Training: We used a simple CPT setup with the Hugging Face trl library. We chose a small learning rate of 1e-5 and batch size of 8, optimizing the entropy loss of next token prediction. Validation loss was minimized after just one epoch of training. This was likely due to the very small size of the training set. To confirm, we then evaluated Perplexity on the held-out test set. The training and evaluation curves for each checkpoint are shown in the figure.

While the model overfits to the training data after just one epoch, its performance on emailbench continues to improve (see the following figure). This is an outcome of the benchmark being derived from the training set.

Another question we wanted to answer was how the CPT process affects model performance across other, seemingly unrelated tasks. To get a sense of this, we ran the checkpoints against a handful of public benchmarks using 200 random samples from each:
- gsm8k: grade-school math
- ifeval: instruction following
- bigbench_hard:causal_reasoning: answer a causal question about a short story.
The following figure shows the performance across these benchmarks.

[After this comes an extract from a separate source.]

(* Let $K$ be an idempotent ordered TGP-$\omega$-valuation monoid, $AP$ a finite set of atomic propositions, $k\in K\setminus\{\mathbf{0},\mathbf{1}\}$, and $\varphi=\bigvee_{1\le i\le n}(k_i\wedge\varphi_i)\in k\text{-}stLTL(K,AP)$, and let $\varphi_b:=\bigvee_{1\le i\le n}\varphi_i$. Then for every $w\in(\mathcal{P}(AP))^{\omega}$: $(\|\varphi\|,w)\ge k$ if and only if $w\models\varphi_b$.
   Context: Idempotent ordered TGP-$\omega$-valuation monoid $(K,+,\cdot,Val^{\omega},\mathbf{0},\mathbf{1})$: complete (infinitary sums over arbitrary index sets with the usual axioms), idempotent monoid $(K,+,\mathbf{0})$, totally ordered by the natural order $k\le k'$ iff $k'=k'+k$, with $Val^{\omega}$ from finitely-valued sequences in $K$ to $K$ and a product $\cdot$ with zero $\mathbf{0}$ and unit $\mathbf{1}$, such that $Val^{\omega}=\mathbf{0}$ if some entry is $\mathbf{0}$, $Val^{\omega}(\mathbf{1}^{\omega})=\mathbf{1}$, $\sum_I(k\cdot\mathbf{1})=k\cdot\sum_I\mathbf{1}$, $Val^{\omega}$ distributes over finite sums of families lying entirely in $L\setminus\{\mathbf{0},\mathbf{1}\}$ or entirely in $\{\mathbf{0},\mathbf{1}\}$ ($L\subseteq K$ finite), and $Val^{\omega}(\mathbf{1},k_1,\dots)=Val^{\omega}(k_1,\dots)$, $Val^{\omega}(k,\mathbf{1},\dots)=k$, $k\le\mathbf{1}$, $k_i\ge k\ \forall i\Rightarrow Val^{\omega}((k_i)_i)\ge k$. Weighted LTL over $AP$ and $K$: $\varphi::=k\mid a\mid\neg a\mid\varphi\vee\varphi\mid\varphi\wedge\varphi\mid\bigcirc\varphi\mid\varphi U\varphi\mid\square\varphi$, with semantics $\|\varphi\|:(\mathcal{P}(AP))^{\omega}\to K$: $(\|k\|,w)=k$; $(\|a\|,w)=\mathbf{1}$ if $a\in w(0)$ else $\mathbf{0}$; $\neg a$ dually; $\vee\mapsto +$, $\wedge\mapsto\cdot$ pointwise; $(\|\bigcirc\varphi\|,w)=(\|\varphi\|,w_{\ge1})$; $(\|\varphi U\psi\|,w)=\sum_{i\ge0}Val^{\omega}((\|\varphi\|,w_{\ge0}),\dots,(\|\varphi\|,w_{\ge i-1}),(\|\psi\|,w_{\ge i}),\mathbf{1},\mathbf{1},\dots)$; $(\|\square\varphi\|,w)=Val^{\omega}(((\|\varphi\|,w_{\ge i}))_{i\ge0})$. $true:=\mathbf{1}$, $\varphi\tilde U\psi:=\square\varphi\vee(\varphi U\psi)$. $sbLTL(K,AP)$: $\varphi::=true\mid a\mid\neg a\mid\varphi\vee\varphi\mid\varphi\wedge\varphi\mid\bigcirc\varphi\mid\varphi\tilde U\varphi\mid\square\varphi$. $L_k=\{k'\in K\mid k'\ge k\}$. $k\text{-}stLTL(K,AP)$ consists of formulas $\bigvee_{1\le i\le n}(k_i\wedge\varphi_i)$ with $k_i\in L_k\setminus\{\mathbf{0},\mathbf{1}\}$ and $\varphi_i\in sbLTL(K,AP)$. For a formula $\psi$ built from $true,a,\neg a,\vee,\wedge,\bigcirc,U,\square$ (with $\tilde U$ as abbreviation), $w\models\psi$ denotes classical LTL satisfaction at position $0$ (with $w,i\models a$ iff $a\in w(i)$, $\bigcirc$ referring to position $i+1$, $\psi U\chi$ holding at $i$ iff $\chi$ holds at some $j\ge i$ and $\psi$ at all $i\le i'<j$, and $\square\psi$ iff $\psi$ holds at all $j\ge i$). *)

From Stdlib Require Import List Arith.
Import ListNotations.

Interestingly, as emailbench performance improved with each training step, so did performance on both gsm8k and bigbench_hard:causal_judgment. This aligns with empirical evidence that fine-tuning sometimes unlocks related capabilities, even if they’re not part of the training data. In contrast, performance on obeying instructions–as measured by ifeval–showed a flat to slightly downward trend. We expect longer training cycles over more data to amplify these effects. But the results illustrate the types of improvements or regressions that coincide with any continued pre-training or fine-tuning exercise.
Open source availability and how to use
We’re releasing emailbench as an open dataset so the community can:
- evaluate email-specific understanding consistently
- compare training strategies
- build better email-security AI systems
Emailbench is available on Hugging Face. Visit: https://huggingface.co/datasets/proofpoint-ai/emailbench.
The dataset card provides an example of how to plug emailbench into the Hugging Face lighteval harness for quick experimentation.
Conclusion
Email is one of the most important–and most attacked–communication channels. If we’re going to rely on LLMs to reason about email, we must be able to measure whether they truly understand it.
Emailbench is a first step: focused, practical, and open.
We hope you find emailbench useful in your own evaluations. Happy benchmarking!